In computer science, there exist a large number of optimization problems defined on graphs, that is to find a best node state configuration or a network structure such that the designed objective function is optimized under some constraints. However, these problems are notorious for their hardness to solve because most of them are NP-hard or NP-complete. Although traditional general methods such as simulated annealing (SA), genetic algorithms (GA) and so forth have been devised to these hard problems, their accuracy and time consumption are not satisfying in practice.

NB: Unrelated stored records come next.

(* Let $(Q,\rightarrow)$ be a finite transition system, $\mathscr{R}$ a preorder on $Q$ and $\mathscr{P}\subseteq\mathscr{R}$ an equivalence relation. Then the following are equivalent: (i) for all $b,d,d'\in Q$ with $d\,\mathscr{P}\,d'$: $d\in\rightarrow^{-1}(\mathscr{R}(b))\iff d'\in\rightarrow^{-1}(\mathscr{R}(b))$; (ii) $\mathscr{P}\circ\rightarrow_{\mathscr{R}}^{-1}\subseteq\rightarrow^{-1}\circ[\cdot]_{\mathscr{R}}$, i.e. whenever $c\,\mathscr{P}\,d$ and $c\rightarrow_{\mathscr{R}} c'$, there is $d'\in[c']_{\mathscr{R}}$ with $d\rightarrow d'$.
   Context: $\mathscr{R}(X)=\{q'\mid\exists q\in X.\ q\,\mathscr{R}\,q'\}$, $\rightarrow^{-1}(Y)=\{q\mid\exists y\in Y.\ q\rightarrow y\}$, $\mathscr{S}\circ\mathscr{R}=\{(x,y)\mid\exists z.\ x\,\mathscr{R}\,z\wedge z\,\mathscr{S}\,y\}$. A preorder is a reflexive transitive relation; $[q]_{\mathscr{R}}=\{q'\mid q\,\mathscr{R}\,q'\wedge q'\,\mathscr{R}\,q\}$ and $[\cdot]_{\mathscr{R}}=\bigcup_{q\in Q}\{q\}\times[q]_{\mathscr{R}}$. A transition $q\rightarrow q'$ is $\mathscr{R}$-maximal, $q\rightarrow_{\mathscr{R}}q'$, if for all $q''$, ($q\rightarrow q''$ and $q'\,\mathscr{R}\,q''$) implies $q''\in[q']_{\mathscr{R}}$. *)

(* a finite transition system is a finType Q with a
   boolean transition relation (trans : rel Q). *)
From mathcomp Require Import all_boot.
Set Implicit Arguments. Unset Strict Implicit. Unset Printing Implicit Defensive.

Section Defs.
Variable Q : finType.

Definition rimage (R : rel Q) (X : Q -> Prop) : Q -> Prop :=
  fun q' => exists q, X q /\ R q q'.

Definition rpreimage (T : rel Q) (Y : Q -> Prop) : Q -> Prop :=
  fun q => exists y, Y y /\ T q y.

Definition rclass (R : rel Q) (q : Q) : Q -> Prop :=
  fun q' => R q q' /\ R q' q.

Definition is_preorder (R : rel Q) : Prop := reflexive R /\ transitive R.

Definition is_equivalence (P : rel Q) : Prop :=
  [/\ reflexive P, symmetric P & transitive P].

Definition maxtrans (T R : rel Q) (q q' : Q) : Prop :=
  T q q' /\ forall q'', T q q'' -> R q' q'' -> rclass R q' q''.
End Defs.

(* Both directions rest on the observation that d can reach the upward
   R-closure of b iff d -> y for some y above b.  For (i) => (ii), a maximal
   transition c -> c' is matched by some d -> y with y above c', which (i)
   matches back by some c -> z with z above y; maximality of c -> c' puts z,
   hence y, in the class of c'.  For (ii) => (i), finiteness lets every
   transition c -> y be dominated by a maximal one c -> z, and (ii) transfers
   it to some d -> d' with d' equivalent to z, so d' is still above b. *)
From mathcomp Require Import all_boot.

Set Implicit Arguments.
Unset Strict Implicit.
Unset Printing Implicit Defensive.

Section TransitionSystem.

Variables (Q : finType) (T R : rel Q).
Hypotheses (R_refl : reflexive R) (R_trans : transitive R).
Arguments R_trans {y x z}.

(* A candidate maximising the number of elements below it cannot be strictly
   below another candidate. *)
Lemma preorder_maximal_above (A : pred Q) (z : Q) : A z ->
  exists z', [/\ A z', R z z' & forall u, A u -> R z' u -> R u z'].
Proof.
move=> Az.
have Cz : [pred u | A u && R z u] z by rewrite /= Az R_refl.
case: (arg_maxnP (fun u => #|[pred v | R v u]|) Cz) => z' /andP[Az' Rzz'] maxz'.
exists z'; split=> // u Au Rz'u; apply/contraT => Ruz'.
have /= := maxz' u; rewrite Au (R_trans Rzz' Rz'u) => /(_ isT).
rewrite leqNgt => /negP[]; apply/proper_card/properP; split.
- by apply/subsetP => v; rewrite !inE => Rvz'; apply: R_trans Rvz' Rz'u.
- by exists u; rewrite !inE ?R_refl.
Qed.

Lemma maxtrans_above (d z : Q) : T d z -> exists2 z', R z z' & maxtrans T R d z'.
Proof.
move=> Tdz; have [z' [Tdz' Rzz' maxz']] := preorder_maximal_above Tdz.
by exists z' => //; split=> // u Tdu Rz'u; split=> //; apply: maxz'.
Qed.

Lemma rpreimage_rimage1 (b d : Q) :
  rpreimage T (rimage R (fun x => x = b)) d <-> exists2 y, R b y & T d y.
Proof.
split; first by move=> [y [[_ [-> Rby]] Tdy]]; exists y.
by move=> [y Rby Tdy]; exists y; split=> //; exists b.
Qed.

Lemma maxtrans_transfer (c d : Q) :
  (forall b, rpreimage T (rimage R (fun x => x = b)) c <->
             rpreimage T (rimage R (fun x => x = b)) d) ->
  forall c', maxtrans T R c c' -> exists d', rclass R c' d' /\ T d d'.
Proof.
move=> pre_cd c' [Tcc' maxc'].
have /pre_cd/rpreimage_rimage1[y Rc'y Tdy] : rpreimage T (rimage R (fun x => x = c')) c.
  by apply/rpreimage_rimage1; exists c'.
have /pre_cd/rpreimage_rimage1[z Ryz Tcz] : rpreimage T (rimage R (fun x => x = y)) d.
  by apply/rpreimage_rimage1; exists y.
have [_ Rzc'] := maxc' z Tcz (R_trans Rc'y Ryz).
by exists y; split=> //; split=> //; apply: R_trans Ryz Rzc'.
Qed.

Lemma rpreimage_transfer (c d : Q) :
  (forall c', maxtrans T R c c' -> exists d', rclass R c' d' /\ T d d') ->
  forall b, rpreimage T (rimage R (fun x => x = b)) c ->
            rpreimage T (rimage R (fun x => x = b)) d.
Proof.
move=> sim_cd b /rpreimage_rimage1[y Rby Tcy].
have [z Ryz /sim_cd[d' [[Rzd' _] Tdd']]] := maxtrans_above Tcy.
by apply/rpreimage_rimage1; exists d' => //; apply: R_trans (R_trans Rby Ryz) Rzd'.
Qed.

End TransitionSystem.

Theorem lemma5 (Q : finType) (T R P : rel Q) :
  is_preorder R -> is_equivalence P -> subrel P R ->
  ((forall b d d' : Q, P d d' ->
      (rpreimage T (rimage R (fun x => x = b)) d <->
       rpreimage T (rimage R (fun x => x = b)) d'))
   <->
   (forall c c' d : Q, P c d -> maxtrans T R c c' ->
      exists d', rclass R c' d' /\ T d d')).
Proof.
move=> [R_refl R_trans] [_ P_sym _] _; split=> H.
- by move=> c c' d Pcd; apply: maxtrans_transfer => // b; apply: H.
- move=> b d d' Pdd'; split; apply: rpreimage_transfer => // c'.
  + exact: H Pdd'.
  + by apply: H; rewrite P_sym.
Qed.
Definition clique (S : {set V}) := {in S &, forall y z, y != z -> e y z}.

Lemma simplicial_in_sub (S1 S2 : {set V}) w :
  S1 \subset S2 -> simplicial_in S2 w -> simplicial_in S1 w.
Proof. by move=> /subsetP sub12 simp y z /sub12 yS /sub12 zS; apply: simp. Qed.

Lemma clique_simplicial (S : {set V}) w : clique S -> simplicial_in S w.
Proof. by move=> S_clique y z yS zS _ _; apply: S_clique. Qed.

Lemma cliqueVnonadj (S : {set V}) :
  clique S \/ exists y z, [/\ y \in S, z \in S, y != z & ~~ e y z].
Proof.
case: (pickP [pred p : V * V | [&& p.1 \in S, p.2 \in S, p.1 != p.2 & ~~ e p.1 p.2]]).
  by move=> [y z] /and4P[yS zS yz nyz]; right; exists y, z.
move=> none; left=> y z yS zS yz; apply/negPn.
by have := none (y, z); rewrite /= yS zS yz => /negbT.
Qed.

End Simplicial.

Section FarComponent.
Variables (V : finType) (e : rel V).
Hypotheses (e_sym : symmetric e) (e_irr : irreflexive e) (e_chordal : chordal e).
Variables (S : {set V}) (u w0 : V).

(* [far_border] is a minimal separator of u from [far_comp], the component of w0 in
   G[S] minus the closed neighbourhood of u. *)
Definition far := [set z in S | (z != u) && ~~ e u z].

Definition far_rel := [rel a b | [&& e a b, a \in far & b \in far]].

Definition far_comp := [set z | connect far_rel w0 z].

Definition far_border := [set y in S :\: far_comp | [exists c in far_comp, e y c]].

Hypothesis w0_far : w0 \in far.

Local Notation C := far_comp.
Local Notation D := far_border.

Lemma far_comp_far z : z \in C -> z \in far.
Proof.
rewrite inE => /(closed_connect _) <- //.
by move=> a b /and3P[_ -> ->].
Qed.

Lemma far_comp_step c y : c \in C -> y \in far -> e c y -> y \in C.
Proof.
move=> cC y_far cy; have := cC; rewrite !inE => /connect_trans; apply.
by rewrite connect1 //= cy y_far far_comp_far.
Qed.
(* Every monogenic ring of prime characteristic is finitely separable: if $a$ is an element of a ring with $pa=0$ for a prime $p$, then $\mathbb{Z}\langle a\rangle$ is finitely separable.
   Context: Rings are associative and not necessarily unital. $\mathbb{Z}\langle a\rangle=\{g(a): g\in\mathbb{Z}[x],\ g(0)=0\}$ is the subring generated by $a$. A ring $R$ is finitely separable if for every $r\in R$ and every subring $A\subseteq R$ with $r\notin A$ there exist a finite ring $F$ and a homomorphism $\varphi:R\to F$ with $\varphi(r)\notin\varphi(A)$. *)

From mathcomp Require Import all_boot all_order all_algebra.
Set Implicit Arguments. Unset Strict Implicit. Unset Printing Implicit Defensive.
Import GRing.Theory.

(* Associative, not necessarily unital rings (MathComp only has unital ones). *)
Record nuRing := NuRing {
  nu_car :> Type;
  nu_zero : nu_car;
  nu_add : nu_car -> nu_car -> nu_car;
  nu_opp : nu_car -> nu_car;
  nu_mul : nu_car -> nu_car -> nu_car;
  nu_addA : forall x y z, nu_add x (nu_add y z) = nu_add (nu_add x y) z;
  nu_addC : forall x y, nu_add x y = nu_add y x;
  nu_add0r : forall x, nu_add nu_zero x = x;
  nu_addNr : forall x, nu_add (nu_opp x) x = nu_zero;
  nu_mulA : forall x y z, nu_mul x (nu_mul y z) = nu_mul (nu_mul x y) z;
  nu_mulDl : forall x y z, nu_mul (nu_add x y) z = nu_add (nu_mul x z) (nu_mul y z);
  nu_mulDr : forall x y z, nu_mul x (nu_add y z) = nu_add (nu_mul x y) (nu_mul x z)
}.

Section NuRingDefs.
Variable R : nuRing.

Fixpoint nu_natmul (n : nat) (x : R) : R :=
  match n with 0 => nu_zero R | n'.+1 => nu_add (nu_natmul n' x) x end.

Definition nu_intmul (z : int) (x : R) : R :=
  match z with
  | Posz n => nu_natmul n x
  | Negz n => nu_opp (nu_natmul n.+1 x)
  end.

(* nu_pow1 a n = a^(n+1) *)
Fixpoint nu_pow1 (a : R) (n : nat) : R :=
  match n with 0 => a | n'.+1 => nu_mul (nu_pow1 a n') a end.

(* g(a) = sum_{1 <= i < size g} g_i a^i  (the constant coefficient is not used;
   it is required to be 0 in Zgen below) *)
Definition nu_evalZ (g : {poly int}) (a : R) : R :=
  foldr (@nu_add R) (nu_zero R)
        [seq nu_intmul g`_i%R (nu_pow1 a i.-1) | i <- iota 1 (size g).-1].

Definition Zgen (a : R) : R -> Prop :=
  fun x => exists g : {poly int}, g.[0%R]%R = 0%R /\ x = nu_evalZ g a.

Definition is_subring (A : R -> Prop) : Prop :=
  [/\ A (nu_zero R),
      (forall x y, A x -> A y -> A (nu_add x (nu_opp y))) &
      (forall x y, A x -> A y -> A (nu_mul x y))].

End NuRingDefs.

Definition finite_type (T : Type) : Prop :=
  exists (n : nat) (f : 'I_n -> T), forall x : T, exists i, f i = x.

Definition hom_on (R F : nuRing) (S : R -> Prop) (phi : R -> F) : Prop :=
  (forall x y, S x -> S y -> phi (nu_add x y) = nu_add (phi x) (phi y)) /\
  (forall x y, S x -> S y -> phi (nu_mul x y) = nu_mul (phi x) (phi y)).

Definition finitely_separable_sub (R : nuRing) (S : R -> Prop) : Prop :=
  forall (r : R) (A : R -> Prop),
    S r -> is_subring A -> (forall x, A x -> S x) -> ~ A r ->
    exists (F : nuRing) (phi : R -> F),
      finite_type F /\ hom_on S phi /\ ~ (exists x, A x /\ phi x = phi r).

Definition finitely_separable (R : nuRing) : Prop :=
  finitely_separable_sub (fun _ : R => True).

From HB Require Import structures.
From mathcomp Require Import all_boot all_order all_algebra.
From mathcomp Require Import boolp classical_sets functions.
From mathcomp Require Import ring.
Set Implicit Arguments. Unset Strict Implicit. Unset Printing Implicit Defensive.
Import GRing.Theory.
Local Open Scope ring_scope.

(* Over F_p, the polynomials g with g(0) = 0 map onto Z<a> by g |-> g(a), evaluated
   in the unital extension Z x R; this is a ring map whose kernel K is an ideal of
   F_p[x], and a subring A of Z<a> pulls back to a subalgebra B of x F_p[x] missing a
   preimage r' of r. It suffices to find a monic h with K <= (h) and r' not in B + (h),
   for then Z<a> -> F_p[x]/(h) is well defined and separates r from A. If K <> 0, its
   generator will do. Otherwise B is a module over F_p[f] for some nonconstant f (an
   element of B, or x when B = 0), F_p[x] is free of finite rank over F_p[f], and
   finitely generated modules over the PID F_p[t] are residually finite. *)

Section PolyIdeals.
Variable F : fieldType.
Implicit Types (K : {poly F} -> Prop) (g q u v w x : {poly F}).

Definition poly_ideal K :=
  [/\ K 0, forall u v, K u -> K v -> K (u - v) & forall q u, K u -> K (q * u)].

Lemma poly_ideal_principal K u : poly_ideal K -> K u -> u != 0 ->
  exists g, [/\ K g, g != 0 & forall v, K v -> g %| v].
Proof.
move=> [_ KB KM]; elim: {u}(size u) {-2}u (leqnn (size u)) => [|n IH] u su Ku u0.
  by move: u0; rewrite -size_poly_eq0 -leqn0 su.
have [[v [Kv v0 svu]]|min_u] := pselect (exists v, [/\ K v, v != 0 & (size v < size u)%N]).
  by apply: (IH v) => //; rewrite -ltnS (leq_trans svu).
exists u; split => // v Kv; apply/modp_eq0P.
have [//|vu0] := eqVneq (v %% u) 0; case: min_u.
exists (v %% u); split => //; last by rewrite ltn_modp.
have -> : v %% u = v - v %/ u * u by rewrite {2}(divp_eq v u) addrC addKr.
by apply: KB => //; apply: KM.
Qed.

Lemma poly_ideal_sep K x : poly_ideal K -> ~ K x ->
  exists2 q, q != 0 & forall w, ~ K (x - q * w).
Proof.
move=> [K0 KB KM] nKx.
have [[c c0 Kc]|K_0] := pselect (exists2 c, c != 0 & K c).
  exists c => // w Kxw; apply: nKx.
  by have := KB _ _ Kxw (KM (- w) _ Kc); rewrite mulNr opprK mulrC subrK.
have x0 : x != 0 by apply: contra_notN nKx => /eqP ->.
exists (x * 'X) => [|w Kxw]; first by rewrite mulf_neq0 ?polyX_eq0.
have xXw0 : x * (1 - 'X * w) = 0.
  rewrite mulrBr mulr1 mulrA; have [//|nz] := eqVneq (x - x * 'X * w) 0.
  by exfalso; apply: K_0; exists (x - x * 'X * w).
move/eqP: xXw0; rewrite mulf_eq0 (negPf x0) subr_eq0 => /eqP/(congr1 (coefp 0)).
by rewrite /= coefXM coef1 => /eqP; rewrite oner_eq0.
Qed.
End PolyIdeals.

Section PolyVectors.
Variable F : fieldType.
Local Notation vec := (nat -> {poly F}).
Implicit Types (A : vec -> Prop) (q : {poly F}) (r u v : vec).

Definition vscale q v : vec := fun i => q * v i.

Definition vec_submod A :=
  [/\ A 0, forall u v, A u -> A v -> A (u - v) & forall q u, A u -> A (vscale q u)].

Definition vanishes_from k v := forall i, (k <= i)%N -> v i = 0.

Lemma vanishes_fromS k v : vanishes_from k.+1 v -> v k = 0 -> vanishes_from k v.
Proof. by move=> vk1 vk0 i; rewrite leq_eqVlt => /predU1P [<- //|]; apply: vk1. Qed.
Lemma subgroup_centralizer u : subgroup (fun y => gmul u y = gmul y u).
Proof.
  repeat split.
  - rewrite gmul1l, gmul1r. reflexivity.
  - intros p q Hp Hq. rewrite gmulA, Hp, <- gmulA, Hq, gmulA. reflexivity.
  - intros p Hp. apply (gmul_cancel_l p).
    rewrite gmulA, <- Hp, <- gmulA, gmulVr, gmul1r, gmulA, gmulVr, gmul1l. reflexivity.
Qed.

Lemma cyc_comm x u w : cyc x u -> cyc x w -> gmul u w = gmul w u.
Proof.
  intros Hu Hw.
  assert (Hux : gmul x u = gmul u x)
    by (refine (gen_min _ _ (subgroup_centralizer x) _ u Hu); intros y ->; reflexivity).
  refine (gen_min _ _ (subgroup_centralizer u) _ w Hw). intros y ->. symmetry. exact Hux.
Qed.

Lemma cyc_char x N y : has_order x N -> cyc x y -> exists i, i < N /\ y = gpow x i.
Proof.
  intros [HN [HxN _]]. apply (gen_min _ (fun y => exists i, i < N /\ y = gpow x i)).
  - repeat split.
    + exists 0. split; [lia|reflexivity].
    + intros p q [i [Hi ->]] [j [Hj ->]]. exists ((i + j) mod N).
      split; [apply Nat.mod_upper_bound; lia|].
      rewrite <- gpow_add. apply gpow_mod; auto.
    + intros p [i [Hi ->]]. exists ((N - i) mod N). split; [apply Nat.mod_upper_bound; lia|].
      rewrite <- gpow_mod by auto. apply ginv_unique. rewrite <- gpow_add.
      replace (i + (N - i)) with N by lia. exact HxN.
  - intros y0 ->. exists (1 mod N). split; [apply Nat.mod_upper_bound; lia|].
    rewrite <- gpow_mod by auto. simpl. rewrite gmul1l. reflexivity.
Qed.

End GroupFacts.

Section Counting.
Context {T : Type}.
Implicit Types f : nat -> T.
(* Assume superclub holds. Then for every collection $\{C_\alpha:\alpha<\omega_2\}$ of club subsets of $\omega_1$ there are pairwise distinct ordinals $\beta_\xi<\omega_2$ ($\xi<\omega_1$) such that $\bigcap_{\xi<\omega_1}C_{\beta_\xi}$ is a club subset of $\omega_1$.
   Context: A superclub sequence is a sequence $\langle A_\delta:\delta\in\lim(\omega_1)\rangle$ such that each $A_\delta$ is a cofinal subset of $\delta$ and for every unbounded $x\subseteq\omega_1$ there is an unbounded $y\subseteq x$ such that $\{\delta<\omega_1: y\cap\delta=A_\delta\}$ is stationary in $\omega_1$. Superclub (at $\aleph_1$) means a superclub sequence exists. *)

(* omega_1 and omega_2 are represented by arbitrary types carrying
   a well-order characterising them up to isomorphism. *)
From Stdlib Require Import Wellfounded.

Definition strict_wellorder {T : Type} (lt : T -> T -> Prop) : Prop :=
  well_founded lt /\
  (forall x y z, lt x y -> lt y z -> lt x z) /\
  (forall x y, lt x y \/ x = y \/ lt y x).

Definition countable_sub {T : Type} (P : T -> Prop) : Prop :=
  exists f : T -> nat, forall x y, P x -> P y -> f x = f y -> x = y.

Definition is_omega1 (T : Type) (lt : T -> T -> Prop) : Prop :=
  strict_wellorder lt /\
  (forall x, countable_sub (fun y => lt y x)) /\
  ~ countable_sub (fun _ : T => True).

(* (U, ltU) is (isomorphic to) omega_2, given omega_1 = T: a well-order of
   cardinality > aleph_1 all of whose proper initial segments have size <= aleph_1. *)
Definition is_omega2 (T : Type) (U : Type) (ltU : U -> U -> Prop) : Prop :=
  strict_wellorder ltU /\
  (forall a, exists f : U -> T, forall x y, ltU x a -> ltU y a -> f x = f y -> x = y) /\
  ~ (exists f : U -> T, forall x y, f x = f y -> x = y).

Section Omega1Notions.
Context {T : Type} (lt : T -> T -> Prop).

Definition le (x y : T) : Prop := lt x y \/ x = y.

Definition is_limit (d : T) : Prop :=
  (exists y, lt y d) /\ (forall y, lt y d -> exists z, lt y z /\ lt z d).

Definition cofinal_in (A : T -> Prop) (d : T) : Prop :=
  (forall a, A a -> lt a d) /\ (forall y, lt y d -> exists a, A a /\ le y a).

Definition unbounded (X : T -> Prop) : Prop :=
  forall a, exists b, X b /\ le a b.

Definition closed (X : T -> Prop) : Prop :=
  forall d, is_limit d ->
    (forall y, lt y d -> exists b, X b /\ le y b /\ lt b d) -> X d.

Definition club (X : T -> Prop) : Prop := closed X /\ unbounded X.

Definition stationary (S : T -> Prop) : Prop :=
  forall C, club C -> exists d, C d /\ S d.

(* A superclub sequence <A_d : d in lim(omega_1)>; values at non-limits are ignored. *)
Definition superclub_seq (A : T -> T -> Prop) : Prop :=
  (forall d, is_limit d -> cofinal_in (A d) d) /\
  (forall X, unbounded X ->
     exists Y, (forall z, Y z -> X z) /\ unbounded Y /\
       stationary (fun d => is_limit d /\ forall z, (Y z /\ lt z d) <-> A d z)).

Definition superclub : Prop := exists A, superclub_seq A.

End Omega1Notions.

From Stdlib Require Import Classical ClassicalEpsilon FunctionalExtensionality Arith Lia Cantor.

(* Since there are aleph_2 clubs [C a] but only aleph_1 guesses [A d], some
   index [a0] is such that whenever [A d ⊆ C a0], uncountably many [C a]
   contain [A d].  Superclub applied to [C a0] gives [Y ⊆ C a0] whose set [S]
   of guessing points [d] (with [A d = Y ∩ d]) is stationary.  Recursively
   along omega_1 choose [gam v ∈ S] above [v] and in every earlier
   [C (beta xi)], then [del v ∈ S] above all [gam xi] with [xi <= v], and a
   new [beta v] with [A (del v) ⊆ C (beta v)].  For [xi >= v], the set
   [Y ∩ gam v] is cofinal in [gam v] and contained in
   [A (del xi) ⊆ C (beta xi)], so [gam v ∈ C (beta xi)] by closure: every
   [gam v] lies in the intersection, which is therefore unbounded. *)

Lemma Cantor_to_nat_inj p q : Cantor.to_nat p = Cantor.to_nat q -> p = q.
Proof.
  intros E. rewrite <- (cancel_of_to p), <- (cancel_of_to q), E. reflexivity.
Qed.

Lemma countable_sub_incl {A : Type} (P Q : A -> Prop) :
  (forall x, P x -> Q x) -> countable_sub Q -> countable_sub P.
Proof. intros HPQ [f Hf]. exists f. auto. Qed.

Lemma countable_sub_image {A B : Type} (P : A -> Prop) (f : A -> B) :
  countable_sub P -> countable_sub (fun y => exists x, P x /\ y = f x).
Proof.
  intros [c Hc].
  destruct (choice (fun y n => (exists x, P x /\ y = f x) ->
                               exists x, P x /\ y = f x /\ c x = n)) as [code Hcode].
  { intros y. destruct (classic (exists x, P x /\ y = f x)) as [[x [Px Ey]]|Hn].
    - exists (c x). eauto.
    - exists 0. tauto. }
  exists code. intros y1 y2 Hy1 Hy2 E.
  destruct (Hcode y1 Hy1) as [x1 [Px1 [E1 C1]]].
  destruct (Hcode y2 Hy2) as [x2 [Px2 [E2 C2]]].
  rewrite E1, E2, (Hc x1 x2); congruence.
Qed.

Lemma countable_sub_prod_nat {A : Type} (P : A -> Prop) :
  countable_sub P -> countable_sub (fun p : A * nat => P (fst p)).
Proof.
  intros [c Hc]. exists (fun p => Cantor.to_nat (c (fst p), snd p)).
  intros [x n] [y m] Px Py E. apply Cantor_to_nat_inj in E. simpl in *.
  injection E as E1 E2. rewrite (Hc x y); auto.
Qed.

Lemma inj_of_countable_cover {I A : Type} (N : I -> A -> Prop) :
  (forall a, exists i, N i a /\ countable_sub (N i)) ->
  exists f : A -> I * nat, forall x y, f x = f y -> x = y.
Proof.
  intros Hcover. destruct (choice _ Hcover) as [F HF].
  destruct (choice (fun i (c : A -> nat) => countable_sub (N i) ->
                      forall x y, N i x -> N i y -> c x = c y -> x = y)) as [code Hcode].
  { intros i. destruct (classic (countable_sub (N i))) as [[c Hc]|Hn].
    - exists c. auto.
    - exists (fun _ => 0). tauto. }
  exists (fun a => (F a, code (F a) a)). intros x y E. injection E as E1 E2.
  destruct (HF x) as [Nx Cx]. destruct (HF y) as [Ny _].
  rewrite <- E1 in E2, Ny. exact (Hcode (F x) Cx x y Nx Ny E2).
Qed.

Lemma closed_inter {T I : Type} (lt : T -> T -> Prop) (C : I -> T -> Prop) :
  (forall i, closed lt (C i)) -> closed lt (fun z => forall i, C i z).
Proof.
  intros HC d Hd Hcof i. apply HC; auto.
  intros y Hy. destruct (Hcof y Hy) as [b [Cb Hb]]. eauto.
Qed.

Section Omega1.
Context {T : Type} (lt : T -> T -> Prop).
Hypothesis lt_wf : well_founded lt.
Hypothesis lt_trans : forall x y z, lt x y -> lt y z -> lt x z.
Hypothesis lt_trichotomy : forall x y, lt x y \/ x = y \/ lt y x.
Hypothesis segment_countable : forall x, countable_sub (fun y => lt y x).
Hypothesis T_uncountable : ~ countable_sub (fun _ : T => True).

Lemma lt_irrefl x : ~ lt x x.
Proof. induction (lt_wf x) as [x _ IH]. intros H. exact (IH x H H). Qed.

Lemma le_lt_trans x y z : le lt x y -> lt y z -> lt x z.
Proof. intros [H|<-] H'; eauto. Qed.

Lemma lt_le_trans x y z : lt x y -> le lt y z -> lt x z.
Proof. intros H [H'|<-]; eauto. Qed.

Lemma le_trans x y z : le lt x y -> le lt y z -> le lt x z.
Proof. intros [H|<-] [H'|<-]; unfold le; eauto. Qed.

Lemma le_of_not_lt x y : ~ lt x y -> le lt y x.
Proof. intros H. destruct (lt_trichotomy x y) as [?|[<-|?]]; unfold le; tauto. Qed.

Lemma T_inhabited : inhabited T.
Proof.
  apply NNPP. intros H. apply T_uncountable. exists (fun _ => 0).
  intros x. exfalso. exact (H (inhabits x)).
Qed.

(* If P were cofinal, [b |-> (code of a point of P above b, rank of b below it)]
   would inject T into nat. *)
Lemma countable_bounded (P : T -> Prop) :
  countable_sub P -> exists b, forall x, P x -> lt x b.
Proof.
  intros [f Hf]. apply NNPP. intros Hn.
  assert (Hcof : forall b, exists x, P x /\ le lt b x).
  { intros b. apply NNPP. intros H. apply Hn. exists b. intros x Px.
    apply NNPP. intros Hx. apply H. exists x. split; auto. apply le_of_not_lt; auto. }
  destruct (choice _ Hcof) as [above Habove].
  destruct (choice _ segment_countable) as [rank Hrank].
  apply T_uncountable.
  exists (fun b => Cantor.to_nat (f (above b),
     if excluded_middle_informative (b = above b) then 0 else S (rank (above b) b))).
  intros a b _ _ E. apply Cantor_to_nat_inj in E. injection E as E1 E2.
  destruct (Habove a) as [Pa Ha]. destruct (Habove b) as [Pb Hb].
  assert (Eab : above a = above b) by (apply Hf; auto).
  destruct (excluded_middle_informative (a = above a)) as [e1|e1];
  destruct (excluded_middle_informative (b = above b)) as [e2|e2]; try discriminate.
  - congruence.
  - injection E2 as E2. rewrite Eab in E2.
    destruct Ha as [Ha|Ha]; [|congruence]. destruct Hb as [Hb|Hb]; [|congruence].
    rewrite Eab in Ha. exact (Hrank (above b) a b Ha Hb E2).
Qed.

In this work, we proposed a simple, fast, and general algorithm framework based on advanced automatic differentiation technique empowered by deep learning frameworks. By introducing Gumbel-softmax technique, we can optimize the objective function directly by gradient descent algorithm regardless of the discrete nature of variables. We also introduce evolution strategy to parallel version of our algorithm. We test our algorithm on three representative optimization problems on graph including modularity optimization from network science, Sherrington-Kirkpatrick (SK) model from statistical physics, maximum independent set (MIS) and minimum vertex cover (MVC) problem from combinatorial optimization on graph. High-quality solutions can be obtained with much less time consuming compared to traditional approaches.

Requirements

  • Python 3.6
  • Pytorch 1.4

Postscript

Our implementation is in PyTorch. The graphs used in the experiments are included as well. Since we haven't worked on integration of our code, the annotations may not be as clear and adequate as you expect. You may also find part of the code are in .py while the others are in Jupyter Notebook. And many of them may not be the exact same version of experiments in our paper since we've tried other attempts afterwards.

Nevertheless, You are welcome to make possible improvements based on these code.